Abul Fazal Mohammad Ahsanuddin Chowdhury (1 July 1915 – 30 August 2001) was a Bengali public servant and judge who served as President of Bangladesh from 27 March 1982 to 10December 1983.

Biography
Chowdhury was born in 1915.  He graduated and obtained his LL.B. degree from Dhaka University. He joined the Bengal Civil Service (judicial) in 1942, and subsequently served as district judge in Sylhet, Rangpur and Dhaka.
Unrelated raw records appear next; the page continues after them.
(* Let $A=(a_{ij})_{1\le i,j\le n}$ be a complex Nekrasov matrix, let $\epsilon_1,\dots,\epsilon_n$ be real numbers satisfying either the conditions (C1) or the conditions (C2) below, and let $S=\mathrm{diag}\left(\frac{h_i(A)+\epsilon_i}{|a_{ii}|}\right)_{i=1}^n$. Define $z_1(A):=1$ and $z_i(A):=\sum_{j=1}^{i-1}|a_{ij}|\frac{z_j(A)}{|a_{jj}|}+1$ for $i=2,\dots,n$. Then $$\|A^{-1}\|_\infty\le \max_{i\in N}\left(\frac{h_i(A)+\epsilon_i}{|a_{ii}|}\right)\,\max_{i\in N}\frac{z_i(A)}{h_i(A)+\epsilon_i-h_i(AS)},$$ where all denominators $h_i(A)+\epsilon_i-h_i(AS)$ are positive.
   Context: For a complex $n\times n$ matrix $A=(a_{ij})$ with $a_{ii}\ne 0$ for all $i$, define recursively $h_1(A):=\sum_{j\ne 1}|a_{1j}|$ and $h_i(A):=\sum_{j=1}^{i-1}|a_{ij}|\frac{h_j(A)}{|a_{jj}|}+\sum_{j=i+1}^{n}|a_{ij}|$ for $i=2,\dots,n$ (the same definition is applied to $AS$ to obtain $h_i(AS)$). $A$ is a Nekrasov matrix if $|a_{ii}|>h_i(A)$ for all $i\in N=\{1,\dots,n\}$. $\|\cdot\|_\infty$ is the maximum absolute row sum norm. Conditions (C1): $\epsilon_1>0$, and for $i=2,\dots,n$: $0<\epsilon_i\le |a_{ii}|-h_i(A)$ and $\epsilon_i>\sum_{j=1}^{i-1}\frac{|a_{ij}|\epsilon_j}{|a_{jj}|}$. Conditions (C2): let $k$ be the smallest index such that $a_{kj}=0$ for all $j>k$; $\epsilon_i=0$ for $i=1,\dots,k-1$, and for $i=k,\dots,n$: $0<\epsilon_i<|a_{ii}|-h_i(A)$ and $\epsilon_i>\sum_{j=k}^{i-1}\frac{|a_{ij}|\epsilon_j}{|a_{jj}|}$ (empty sum for $i=k$). *)

From HB Require Import structures.
From mathcomp Require Import all_boot all_order all_algebra.
From mathcomp Require Import complex.
From mathcomp Require Import reals.
Set Implicit Arguments. Unset Strict Implicit. Unset Printing Implicit Defensive.
Import Order.TTheory GRing.Theory Num.Theory.
Local Open Scope ring_scope.

Definition cmod (R : realType) (z : R[i]) : R :=
  Num.sqrt (complex.Re z ^+ 2 + complex.Im z ^+ 2).

(* Generic lower-recursive scheme (indices 0-based):
     g_i = \sum_{j<i} |a_ij| g_j / |a_jj| + c_i.
   gfun k i is the value computed with recursion depth k; it is the correct
   value as soon as i < k (see gfun_stable / grec_eq below). *)
Fixpoint gfun (R : realType) (n : nat) (A : 'M[R[i]]_n) (c : 'I_n -> R)
    (k : nat) (i : 'I_n) : R :=
  match k with
  | 0 => 0
  | k'.+1 => \sum_(j < n | (j < i)%N) cmod (A i j) * gfun A c k' j / cmod (A j j)
             + c i
  end.

Definition grec (R : realType) (n : nat) (A : 'M[R[i]]_n) (c : 'I_n -> R)
    (i : 'I_n) : R := gfun A c n i.

(* h_i(A) = \sum_{j<i} |a_ij| h_j(A)/|a_jj| + \sum_{j>i} |a_ij|
   (for i = 1 in the paper's 1-based indexing this is \sum_{j<>1} |a_1j|) *)
Definition hA (R : realType) (n : nat) (A : 'M[R[i]]_n) : 'I_n -> R :=
  grec A (fun i => \sum_(j < n | (i < j)%N) cmod (A i j)).

Definition zA (R : realType) (n : nat) (A : 'M[R[i]]_n) : 'I_n -> R :=
  grec A (fun _ => 1).
Theorem theorem1 (R : realFieldType) (n : nat) (X : finType)
    (O U : 'I_n -> finType) (det : forall i j : 'I_n, O i -> O j)
    (s : X -> jhist O -> R) (beta : X -> jhist O -> jact U -> R)
    (hn : (0 < n)%N) (hU : forall i : 'I_n, (0 < #|U i|)%N)
    (s_ge0 : forall x o, 0 <= s x o)
    (s_sum1 : \sum_x \sum_o s x o = 1)
    (HIS : forall x o, s x o != 0 -> consistent det o) :
  (* (a) beta^{i,*} are the optimal action-value functions of \bar G *)
  (forall (i : 'I_n) (o : jhist O) (u : jact U),
      (forall sg : strategy O U, is_strategy sg -> cont s beta sg i o u <= betastar s beta i o u)
      /\ (exists sg : strategy O U, is_strategy sg /\ cont s beta sg i o u = betastar s beta i o u))
  (* (a) Vext is the optimal value of \bar G ... *)
  /\ ((forall sg : strategy O U, is_strategy sg -> Jext s beta sg <= Vext s beta)
      /\ (exists sg : strategy O U, is_strategy sg /\ Jext s beta sg = Vext s beta))
  (* ... and equals max_a Q_beta(s, a) *)
  /\ ((forall a : drule O U, Q s beta a <= Vext s beta)
      /\ (exists a : drule O U, Q s beta a = Vext s beta))
  (* (b) *)
  /\ (forall sg : strategy O U, is_strategy sg ->
        (forall sg' : strategy O U, is_strategy sg' -> Jext s beta sg' <= Jext s beta sg) ->
        (exists a : drule O U, induced s sg a)
        /\ (forall a : drule O U, induced s sg a -> optimal_drule s beta a))
  (* (c) *)
  /\ ((exists a : drule O U, greedy s beta a)
      /\ (forall a : drule O U, greedy s beta a -> optimal_drule s beta a)).
Proof.
have sg_star := argmax_strategy_is_strategy s beta hU.
have Jext_star := Jext_argmax_strategy beta s_ge0 hU s_sum1 hn.
have Q_le a : Q s beta a <= Vext s beta := Q_le_Vext beta s_ge0 s_sum1 hn a.
have [ag ag_greedy] := exists_greedy beta hU HIS.
split.
  move=> i o u; split=> [sg sgS|]; first exact: cont_le_bstar.
  by exists (argmax_strategy s beta hU); split=> //; apply: cont_argmax_strategy.
split; first by split=> [sg|]; [apply: Jext_le_Vext | exists (argmax_strategy s beta hU)].
split; first by split=> //; exists ag; apply: Q_greedy.
split.
  move=> sg sgS sg_opt; split.
    have [a a_sg] := exists_induced_drule hU det sgS.
    by exists a => x o sx; apply/a_sg/(HIS x o sx).
  move=> a a_sg a'; rewrite (Q_induced beta hU sgS a_sg).
  by apply: le_trans (Q_le a') _; rewrite -Jext_star; apply: sg_opt.
split; first by exists ag.
by move=> a a_greedy a'; rewrite (Q_greedy s_ge0 s_sum1 hn a_greedy).
Qed.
He was appointed Justice of the Dhaka High Court on 17 December 1968 by the then President of Pakistan, Field Marshal Ayub Khan, and later a Justice of the Appellate Division of the Supreme Court on 30 January 1974. He retired from service on 1 July 1977 after President Ziaur Rahman reduced the retirement age of judges from 65 to 62.

Politics
Following a military coup d'état in March 1982, the army chief of staff Hossain Mohammad Ershad assumed power as the chief martial law administrator, and Justice Ahsanuddin Chowdhury was made President of Bangladesh on 27 March 1982, a position which he held till 10 December 1983. Ershad then dismissed Ahsanuddin and assumed the presidency.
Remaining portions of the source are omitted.